Abstract: SA-PO0901
IgG4-Related Tubulointerstitial Nephritis and Proliferative Glomerulonephritis (GN) with IgG2, IgG3, and IgG4 Deposits in a Patient with Treated T Cell-Rich Large B Cell Lymphoma
Session Information
- Glomerular Case Reports: ANCA, IgA, IgG, and More
November 08, 2025 | Location: Exhibit Hall, Convention Center
Abstract Time: 10:00 AM - 12:00 PM
Category: Glomerular Diseases
- 1402 Glomerular Diseases: Clinical, Outcomes, and Therapeutics
Authors
- Oh, Jaha, Weill Cornell Medicine, New York, New York, United States
- Seshan, Surya V., Weill Cornell Medicine, New York, New York, United States
- Latcha, Sheron, Memorial Sloan Kettering Cancer Center, New York, New York, United States
Introduction
IgG4-related kidney disease (IgG4-RKD) most commonly presents as tubulointerstitial nephritis (TIN) with occasional glomerular involvement. Recent literature suggests an association between IgG4-RKD and hematologic malignancies. We report a unique case of IgG4-TIN with concurrent immune complex mediated proliferative GN in a patient with prior treated lymphoma.
Case Description
A 77-year-old man with stage 3a CKD and history of nodular lymphocyte-predominant Hodgkin lymphoma (treated with R-CHOP, DICE, and autologous stem cell transplant, in remission) presented with AKI and petechial rash. Following recent travel to Mexico, he developed spreading petechial rash, joint pains and fevers. Laboratory testing showed elevated BUN, creatinine (3.5 mg/dL, baseline 1.4), mild anemia, thrombocytopenia (55K), proteinuria, low C3 and C4. Imaging revealed new lymphadenopathy.
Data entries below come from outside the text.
(* Let $a,b$ be positive integers with $\gcd(a,b)=1$, let $r\ge1$, let $n>rab$, and let $\lambda$ be an $(a,b;n)$-balanced partition of $rn$. Let $k$ be an integer with $rab\le k\le n-1$ such that $k=rab+au+bv$ for some nonnegative integers $u,v$, and let $S_k=\{(i,j)\in\lambda: ai+bj\equiv k\pmod n\}$. Then $S_k$ is the disjoint union of two sets $A_k$ and $B_k$ such that: (1) if $(i,j)\in A_k$ then either $i<b$ or $(i-b,j+a)\in A_k$; (2) if $(i,j)\in B_k$ then either $j<a$ or $(i+b,j-a)\in B_k$.
   Context: Partitions are Young diagrams: finite sets $\lambda\subset\mathbb{Z}_{\ge0}^2$ such that $(i,j)\in\lambda$ implies $(i',j')\in\lambda$ for $0\le i'\le i$, $0\le j'\le j$. Box $(i,j)$ has color $ai+bj\bmod n$; $\lambda$ is $(a,b;n)$-balanced if each residue class mod $n$ is the color of exactly $r$ boxes of $\lambda$. *)

From mathcomp Require Import all_boot.
From mathcomp Require Import finmap.
Set Implicit Arguments. Unset Strict Implicit. Unset Printing Implicit Defensive.
Local Open Scope fset_scope.

Definition is_partition (lam : {fset (nat * nat)}) : Prop :=
  forall i j i' j', (i, j) \in lam -> i' <= i -> j' <= j -> (i', j') \in lam.

Definition color (a b n : nat) (p : nat * nat) : nat := (a * p.1 + b * p.2) %% n.

Definition balanced (a b n r : nat) (lam : {fset (nat * nat)}) : Prop :=
  forall c, c < n -> #|` [fset p in lam | color a b n p == c] | = r.

Definition Sk (a b n k : nat) (lam : {fset (nat * nat)}) : {fset (nat * nat)} :=
  [fset p in lam | a * p.1 + b * p.2 == k %[mod n]].

From mathcomp Require Import all_boot finmap zify.
Local Open Scope fset_scope.
Local Open Scope nat_scope.

(* Both rays through a box, {(i - t b, j + t a)} to the left and
   {(i + t b, j - t a)} to the right, stay in the color class S_k, so it is
   enough to show that every box of S_k has one of its two rays inside lam:
   A collects the boxes with a full left ray, B the others.  Moving the boxes
   of S_k with i >= b left by b, and the last boxes of right rays down by a,
   injects both families disjointly into S_(k-ab), which again has r boxes;
   hence there are at most as many ray ends as boxes of S_k with i < b.  Such
   a box cannot have its whole right ray in lam: by coprimality the ray would
   dominate every lattice point of the line ax + by = k, and the shape of k
   puts r + 1 of them in S_k.  So every box with i < b owns a distinct ray
   end, and a box with neither ray in lam would own one more. *)

Lemma round_up_to_residue {b i : nat} x : i < b -> exists t d, d < b /\ x + d = i + t * b.
Proof.
move=> ib; have b_gt0 : 0 < b by lia.
have := divn_eq x b; have := ltn_pmod x b_gt0.
case: (leqP (x %% b) i) => [le_xi | lt_ix] lt_xb x_eq.
- by exists (x %/ b), (i - x %% b); lia.
- by exists (x %/ b).+1, (i + b - x %% b); rewrite mulSn; lia.
Qed.

Lemma modn_eq_or_ge {N n k : nat} : N %% n = k -> N = k \/ k + n <= N.
Proof.
move=> N_mod; have := divn_eq N n; rewrite N_mod.
by case: (N %/ n) => [|q] ->; [left | right; rewrite mulSn]; lia.
Qed.

Lemma in_fset_sep {T : choiceType} (A : {fset T}) (P : pred T) x :
  (x \in [fset y in A | P y]) = (x \in A) && P x.
Proof. by rewrite inE. Qed.

Section Diagram.
Local Set Implicit Arguments.
Local Unset Strict Implicit.

Variables (a b : nat) (lam : {fset (nat * nat)}).

Definition shiftR t (p : nat * nat) := (p.1 + t * b, p.2 - t * a).
Definition shiftL t (p : nat * nat) := (p.1 - t * b, p.2 + t * a).

Definition right_ray_in p :=
  [forall t : 'I_p.2.+1, (t * a <= p.2) ==> (shiftR t p \in lam)].
Definition left_ray_in p :=
  [forall t : 'I_p.1.+1, (t * b <= p.1) ==> (shiftL t p \in lam)].

Lemma shiftR0 p : shiftR 0 p = p.
Proof. by case: p => i j; rewrite /shiftR !mul0n addn0 subn0. Qed.

Lemma shiftR_add s t p : shiftR s (shiftR t p) = shiftR (t + s) p.
Proof. by rewrite /shiftR /= mulnDl; congr pair; lia. Qed.

Lemma shiftL_add s t p : shiftL s (shiftL t p) = shiftL (t + s) p.
Proof. by rewrite /shiftL /= mulnDl; congr pair; lia. Qed.

Lemma shiftRK t p : t * a <= p.2 -> shiftL t (shiftR t p) = p.
Proof. by case: p => i j /= ta; rewrite /shiftL /shiftR /= addnK subnK. Qed.

Lemma weight_shiftR t p : t * a <= p.2 ->
  a * (shiftR t p).1 + b * (shiftR t p).2 = a * p.1 + b * p.2.
Proof. by case: p => i j /= ta; rewrite mulnBr mulnDr; nia. Qed.

Lemma weight_shiftL t p : t * b <= p.1 ->
  a * (shiftL t p).1 + b * (shiftL t p).2 = a * p.1 + b * p.2.
Proof. by case: p => i j /= tb; rewrite mulnBr mulnDr; nia. Qed.

Hypotheses (a_gt0 : 0 < a) (b_gt0 : 0 < b).

Lemma right_ray_inP p :
  reflect (forall t, t * a <= p.2 -> shiftR t p \in lam) (right_ray_in p).
Proof.
apply: (iffP forallP) => [ray t ta | ray t]; last exact/implyP/ray.
have t_lt : t < p.2.+1 by nia.
by have := ray (Ordinal t_lt); rewrite /= ta.
Qed.

Lemma left_ray_inP p :
  reflect (forall t, t * b <= p.1 -> shiftL t p \in lam) (left_ray_in p).
Proof.
apply: (iffP forallP) => [ray t tb | ray t]; last exact/implyP/ray.
have t_lt : t < p.1.+1 by nia.
by have := ray (Ordinal t_lt); rewrite /= tb.
Qed.

Lemma right_ray_inPn p :
  reflect (exists2 t, t * a <= p.2 & shiftR t p \notin lam) (~~ right_ray_in p).
Proof.
apply: (iffP forallPn) => [[t] | [t ta tn]].
  by rewrite negb_imply => /andP[]; exists t.
have t_lt : t < p.2.+1 by nia.
by exists (Ordinal t_lt); rewrite negb_imply ta.
Qed.

Lemma left_ray_inPn p :
  reflect (exists2 t, t * b <= p.1 & shiftL t p \notin lam) (~~ left_ray_in p).
Proof.
apply: (iffP forallPn) => [[t] | [t tb tn]].
  by rewrite negb_imply => /andP[]; exists t.
have t_lt : t < p.1.+1 by nia.
by exists (Ordinal t_lt); rewrite negb_imply tb.
Qed.

Lemma right_ray_exit p : p \in lam -> ~~ right_ray_in p ->
  exists s, [/\ s.+1 * a <= p.2, shiftR s.+1 p \notin lam &
                forall w, w <= s -> shiftR w p \in lam].
Proof.
move=> pl /right_ray_inPn nray.
pose exits t := (t * a <= p.2) && (shiftR t p \notin lam).
have : exists t, exits t by case: nray => t ta tn; exists t; apply/andP.
case/ex_minnP => -[|s] /andP[sa sn] s_min; first by rewrite shiftR0 pl in sn.
exists s; split=> // w ws; apply/negPn/negP => wn.
have : s.+1 <= w.
  by apply: s_min; rewrite /exits wn andbT (leq_trans _ sa) // leq_mul2r ltnW ?orbT.
by rewrite ltnNge ws.
Qed.

Lemma right_ray_in_shiftR p : a <= p.2 -> right_ray_in p -> right_ray_in (shiftR 1 p).
Proof.
move=> ap /right_ray_inP ray; apply/right_ray_inP => t ta.
by rewrite shiftR_add; apply: ray; move: ta; rewrite /= mulnDl; lia.
Qed.

Lemma left_ray_in_shiftL p : b <= p.1 -> left_ray_in p -> left_ray_in (shiftL 1 p).
Proof.
move=> bp /left_ray_inP ray; apply/left_ray_inP => t tb.
by rewrite shiftL_add; apply: ray; move: tb; rewrite /= mulnDl; lia.
Qed.

Lemma left_ray_in_shiftR p : a <= p.2 -> left_ray_in (shiftR 1 p) -> left_ray_in p.
Proof.
move=> ap /left_ray_inP ray; apply/left_ray_inP => t tb.
rewrite -[p in shiftL t p](@shiftRK 1) ?mul1n // shiftL_add; apply: ray.
by move: tb; rewrite /= mulnDl; lia.
Qed.

Definition strip_base q := shiftL (q.1 %/ b) q.
Lemma window_represents n w (s : {perm 'I_n * bool}) : signedb s ->
  valid_word n w -> word_window w n = window_of s -> represents w s.
Proof.
move=> hs vw ww; split => // z.
suff key y : natpair y = word_pt w (natpair ((s^-1)%g y)).
  by rewrite -[in RHS](permK s z) -key.
case: y => i b.
have e0 : word_pt (rev w) (nat_of_ord i, false) = natpair ((s^-1)%g (i, false)).
  have := congr1 (fun l => nth (0%N, false) l (nat_of_ord i)) ww.
  rewrite /word_window /window_of (nth_map 0%N) ?size_iota // nth_iota //.
  by rewrite (nth_map i) ?size_enum_ord // nth_ord_enum.
have e1 : natpair ((s^-1)%g (i, b)) = word_pt (rev w) (nat_of_ord i, b).
  case: b; last by rewrite e0.
  rewrite -[(i, true)]/(sflip (i, false)) signedP ?signed_inv //.
  by rewrite natpair_sflip -e0 -word_pt_sflip.
by rewrite e1 word_pt_Krev.
Qed.

Lemma exists_min_size (P : seq nat -> Prop) : (exists w, P w) ->
  exists w, P w /\ forall w', P w' -> (size w <= size w')%N.
Proof.
case=> w0 p0; have [N] := ubnP (size w0); elim: N w0 p0 => // N IH w pw /ltnSE sw.
case: (classic (exists w', P w' /\ (size w' < size w)%N)) => [[w' [pw' lt]]|nex].
  by apply: (IH w') => //; exact: leq_trans lt sw.
exists w; split => // w' pw'; rewrite leqNgt; apply/negP => lt; apply: nex; by exists w'.
Qed.

Lemma l1_l2_window n (s : {perm 'I_n * bool}) : signedb s ->
  [/\ l1 s = nneg (window_of s), l2 s = binv (window_of s) & represents (redword s) s].
Proof.
move=> hs; have [wE [vE wwE c0E cSE]] := window_word_exists (window_of_is_window hs).
have repE := window_represents hs vE wwE.
have [rep mn] : reduced_word s (redword s).
  by apply: epsilon_spec; apply: exists_min_size; exists wE.
have [lo0 loS] := word_window_stats_le (proj1 rep); rewrite (represents_window rep) in lo0 loS.
have split_size u : size u = (count (pred1 0%N) u + count (fun g => g != 0%N) u)%N.
  by rewrite -(count_predC (pred1 0%N) u).
have := mn wE repE; rewrite /l1 /l2 !split_size c0E cSE => le; split => //; lia.
Qed.

Section WindowAction.
Variables (C : pzRingType) (H : lmodType C) (bar : H -> H).
Hypothesis bar_invol : involutive bar.

Definition window_entry (p : nat * bool) (t : seq H) : H :=
  (if p.2 then bar else id) (nth 0%R t p.1).

Definition window_act (r : seq (nat * bool)) (t : seq H) : seq H :=
  [seq window_entry p t | p <- r].

Lemma window_entry_sflip p t : window_entry (sflip p) t = bar (window_entry p t).
Proof. by case: p => k [] /=; rewrite /window_entry /= ?bar_invol. Qed.

Lemma size_word_act w t : size (word_act bar w t) = size t.
Proof.
elim: w => //= g w IH; rewrite /comp /gen_act.
by case: (g == 0%N); rewrite size_map size_iota.
Qed.

Lemma nth_gen_act g t i : i < size t ->
  nth 0%R (gen_act bar g t) i = window_entry (gen_pt g (i, false)) t.
Proof.
move=> it; rewrite /gen_act /gen_pt /window_entry; case: (g == 0%N);
  rewrite (nth_map 0%N) ?size_iota // nth_iota //=.
by case: (i == 0%N).
Qed.

Lemma nth_word_act w t i : valid_word (size t) w -> i < size t ->
  nth 0%R (word_act bar w t) i = window_entry (word_pt (rev w) (i, false)) t.
Proof.
elim: w i => //= g w IH i /andP[gt wt] it.
rewrite /comp nth_gen_act ?size_word_act // rev_cons word_pt_rcons.
case E: (gen_pt g (i, false)) => [j c].
have jt : j < size t by have := @gen_pt_lt (size t) g (i, false) gt it; rewrite E.
rewrite {1}/window_entry /= IH //; case: c E => _ //=.
by rewrite -[(j, true)]/(sflip (j, false)) word_pt_sflip window_entry_sflip.
Qed.

Lemma sigma_act_window n (s : {perm 'I_n * bool}) t : signedb s -> size t = n ->
  sigma_act bar s t = window_act (window_of s) t.
Proof.
move=> hs st; have [_ _ rep] := l1_l2_window hs; rewrite /sigma_act.
apply: (@eq_from_nth _ 0%R); first by rewrite size_word_act size_map size_map size_enum_ord.
rewrite size_word_act => i it.
have vw : valid_word (size t) (redword s) by rewrite st; case: rep.
rewrite nth_word_act // /window_act -(represents_window rep) (nth_map (0%N, false)).
  by rewrite /word_window (nth_map 0%N) ?nth_iota -?st ?size_iota.
by rewrite size_word_window -st.
Qed.
Lemma copair_epi (Y : C) (u : Mor A Y) (v : Mor B Y) :
  jointly_epi u v -> is_epi (copair u v).
Proof.
move=> joint; apply: epi_of_zero_cancel => X t t0.
by apply: joint; [rewrite -(copair_i1 u v) | rewrite -(copair_i2 u v)];
  rewrite mcompA t0 comp0l.
Qed.

End Biproducts.

Section Abelian.
Variable C : PreAddCat.
Hypothesis HC : abelian C.

Lemma zero_object_exists : exists Z : C, idm Z = 0.
Proof. by case: HC. Qed.

Lemma biproduct_exists (A B : C) :
  exists (S : C) (i1 : Mor A S) (i2 : Mor B S) (p1 : Mor S A) (p2 : Mor S B),
    is_biproduct i1 i2 p1 p2.
Proof. by case: HC => _ [bip _]; apply: bip. Qed.

Lemma kernel_exists (A B : C) (f : Mor A B) : exists (K : C) (k : Mor K A), is_kernel f k.
Proof. by case: HC => _ [_ [ker _]]; apply: ker. Qed.

Lemma cokernel_exists (A B : C) (f : Mor A B) :
  exists (Q : C) (c : Mor B Q), is_cokernel f c.
Proof. by case: HC => _ [_ [_ [coker _]]]; apply: coker. Qed.

Lemma mono_is_kernel (A B : C) (m : Mor A B) :
  is_mono m -> exists (D : C) (f : Mor B D), is_kernel f m.
Proof. by case: HC => _ [_ [_ [_ [monos _]]]]; apply: monos. Qed.

Lemma epi_is_cokernel (A B : C) (e : Mor A B) :
  is_epi e -> exists (D : C) (f : Mor D A), is_cokernel f e.
Proof. by case: HC => _ [_ [_ [_ [_ epis]]]]; apply: epis. Qed.

(* If c is a cokernel of f and i a kernel of c, then f factors through i by
   an epimorphism: in an abelian category, the image of f is Ker(Coker f). *)
Lemma coimage_epi (A B Q I : C) (f : Mor A B) (c : Mor B Q) (i : Mor I B)
    (q : Mor A I) :
  is_cokernel f c -> is_kernel c i -> i ⊙ q = f -> is_epi q.
Proof.
move=> hc hi iq; apply: epi_of_zero_cancel => Y t tq.
have [J [m hm]] := kernel_exists t.
have [q' [mq' _]] := hm.2 _ q tq.
have [D [phi hphi]] := mono_is_kernel (mono_comp (kernel_mono hi) (kernel_mono hm)).
have phi_f : phi ⊙ f = 0.
  by rewrite -iq -mq' [i ⊙ _]mcompA mcompA hphi.1 comp0l.
have [psi [psi_c _]] := hc.2 _ phi phi_f.
have phi_i : phi ⊙ i = 0 by rewrite -psi_c -mcompA hi.1 comp0r.
have [s [ims _]] := hphi.2 _ i phi_i.
have ms : m ⊙ s = idm I by apply: (kernel_mono hi); rewrite mcompA ims compm1.
by rewrite -[t]compm1 -ms mcompA hm.1 comp0l.
Qed.

Lemma projective_lift_exact (A B Q P : C) (f : Mor A B) (c : Mor B Q) (v : Mor P B) :
  is_cokernel f c -> projective P -> c ⊙ v = 0 -> exists w : Mor P A, f ⊙ w = v.
Proof.
move=> hc pP cv.
have [I [i hi]] := kernel_exists c.
have [q [iq _]] := hi.2 _ f hc.1.
have [t [it _]] := hi.2 _ v cv.
have [w qw] := pP _ _ q t (coimage_epi hc hi iq).
by exists w; rewrite -iq -mcompA qw it.
Qed.

Hypothesis HP : enough_projectives C.

Lemma factor_through_epi (S T Y : C) (d : Mor S T) (phi : Mor S Y) :
  is_epi d ->
  (forall (P : C) (u : Mor P S), projective P -> d ⊙ u = 0 -> phi ⊙ u = 0) ->
  exists alpha : Mor T Y, alpha ⊙ d = phi.
Proof.
move=> epi_d kills.
have [D [k hk]] := epi_is_cokernel epi_d.
have phi_k : phi ⊙ k = 0.
  have [P [e [pP epi_e]]] := HP D.
  apply: epi_e; rewrite comp0l -mcompA; apply: kills => //.
  by rewrite mcompA hk.1 comp0l.
by have [alpha [alpha_d _]] := hk.2 _ phi phi_k; exists alpha.
Qed.

End Abelian.

Section Square.
Variable C : PreAddCat.
Variables (A1 A0 B1 B0 : C) (a : Mor A1 A0) (b : Mor B1 B0).
Variables (f0 : Mor A0 B0) (f1 : Mor A1 B1).

(* Together with [jointly_epi b f0],
   which makes the extension unique, this says the square is a pushout. *)
Definition weak_pushout : Prop :=
  forall (X : C) (k1 : Mor B1 X) (beta : Mor A0 X), k1 ⊙ f1 = beta ⊙ a ->
    exists alpha : Mor B0 X, alpha ⊙ b = k1 /\ alpha ⊙ f0 = beta.

(* A pushout square is fully cofaithful, even against arbitrary targets x:
   the 2-arrow beta extends along the pushout, and uniqueness of extensions
   gives both the remaining 2-arrow equation and faithfulness. *)
Lemma fully_cofaithful_of_pushout :
  weak_pushout -> jointly_epi b f0 -> fully_cofaithful_c a b f0 f1.
Proof.
move=> ext joint X1 X0 x _; split.
- move=> k0 l0 k1 l1 hk hl beta [beta_a beta_x].
  have cocone : (k1 - l1) ⊙ f1 = beta ⊙ a by rewrite compBl.
  have [alpha [alpha_b alpha_f0]] := ext _ _ _ cocone.
  exists alpha; split=> //; split=> //.
  apply/eqP; rewrite -subr_eq0; apply/eqP; apply: joint.
  + by rewrite !compBl -mcompA alpha_b -hk -hl compBr subrr.
  + by rewrite !compBl -mcompA alpha_f0 -beta_x subrr.
- move=> k0 l0 k1 l1 _ _ alpha alpha' [alpha_b _] [alpha'_b _] E.
  apply/eqP; rewrite -subr_eq0; apply/eqP.
  by apply: joint; rewrite compBl ?E -?alpha_b -?alpha'_b subrr.
Qed.

(* Conversely, testing full cofaithfulness against the zero maps X -> Z
   into a zero object (which is projective) shows the square is a pushout. *)
Lemma fully_cofaithful_iff_pushout (Z : C) : idm Z = 0 ->
  fully_cofaithful_c a b f0 f1 <-> weak_pushout /\ jointly_epi b f0.
Proof.
move=> Z0; split=> [ff | [ext joint]]; last exact: fully_cofaithful_of_pushout.
have zero_mor (X : C) (k : Mor B0 Z) (l : Mor B1 X) : arrow_mor b 0 k l.
  by rewrite /arrow_mor (to_zero_object k Z0) !comp0l.
split.
- move=> X k1 beta cocone.
  have [full _] := ff X Z 0 (zero_object_projective Z0).
  have beta_2arrow : two_arrow a (0 : Mor X Z) (0 ⊙ f0) (0 ⊙ f0) (k1 ⊙ f1) (0 ⊙ f1) beta.
    by split; rewrite ?comp0l ?subr0 ?subrr.
  have [alpha [[alpha_b _] alpha_f0]] :=
    full 0 0 k1 0 (zero_mor _ _ _) (zero_mor _ _ _) beta beta_2arrow.
  by exists alpha; rewrite -alpha_b subr0.
- move=> X t tb tf0.
  have [_ faithful] := ff X Z 0 (zero_object_projective Z0).
  apply: (faithful 0 0 0 0 (zero_mor _ _ _) (zero_mor _ _ _)); rewrite ?tf0 ?comp0l //.
  + by split; rewrite ?subrr ?tb ?comp0l.
  + by split; rewrite ?subrr ?comp0l ?comp0r.
Qed.

End Square.

Section InducedMaps.
Variable C : PreAddCat.
Variables (A1 A0 B1 B0 : C) (a : Mor A1 A0) (b : Mor B1 B0).
Variables (f0 : Mor A0 B0) (f1 : Mor A1 B1).
Hypothesis hf : arrow_mor a b f0 f1.
Variables (KA KB : C) (ka : Mor KA A1) (kb : Mor KB B1) (g : Mor KA KB).
Hypotheses (hka : is_kernel a ka) (hkb : is_kernel b kb) (hg : kb ⊙ g = f1 ⊙ ka).
Variables (QA QB : C) (ca : Mor A0 QA) (cb : Mor B0 QB) (h : Mor QA QB).
Hypotheses (hca : is_cokernel a ca) (hcb : is_cokernel b cb) (hh : h ⊙ ca = cb ⊙ f0).

Lemma jointly_epi_of_coker_epi : is_epi h -> jointly_epi b f0.
Proof.
move=> epi_h X t tb tf0.
have [t' [t'_cb _]] := hcb.2 _ t tb.
have t'h : t' ⊙ h = 0.
  by apply: (cokernel_epi hca); rewrite -mcompA hh mcompA t'_cb tf0 comp0l.
have t'0 : t' = 0 by apply: epi_h; rewrite t'h comp0l.
by rewrite -t'_cb t'0 comp0l.
Qed.

Lemma coker_epi_of_jointly_epi : jointly_epi b f0 -> is_epi h.
Proof.
move=> joint; apply: epi_of_zero_cancel => X t th.
apply: (cokernel_epi hcb); rewrite comp0l; apply: joint.
- by rewrite -mcompA hcb.1 comp0r.
- by rewrite -mcompA -hh mcompA th comp0l.
Qed.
Skin biopsy showed urticarial dermatitis; biopsy from right inguinal lymph node showed chronic inflammation without lymphoma. Kidney biopsy revealed a dominant IgG4-positive plasma cell-rich interstitial infiltrate consistent with IgG4-TIN, and diffuse proliferative GN with polyclonal IgG, including IgG2, IgG3 and dominant IgG4 immune deposits (Figure 1, 2). No evidence of thrombotic microangiopathy or lymphoid malignancy was found. Extensive rheumatologic and infectious workup was negative.
High-dose corticosteroids led to rapid improvement in renal function and resolution of symptoms. AKI recurred upon rapid steroid taper and improved with re-initiation of steroid.
Discussion
This case highlights the rare coexistence of IgG4-TIN and proliferative GN with polyclonal IgG immune deposits in a patient with prior large B-cell lymphoma. While IgG4-RD is more commonly associated with membranous nephropathy, proliferative GN with MPGN-like features remains rare. The temporal association with treated lymphoma raises consideration for a paraneoplastic or immune reconstitution-related phenomenon. Early steroid therapy was associated with rapid clinical response.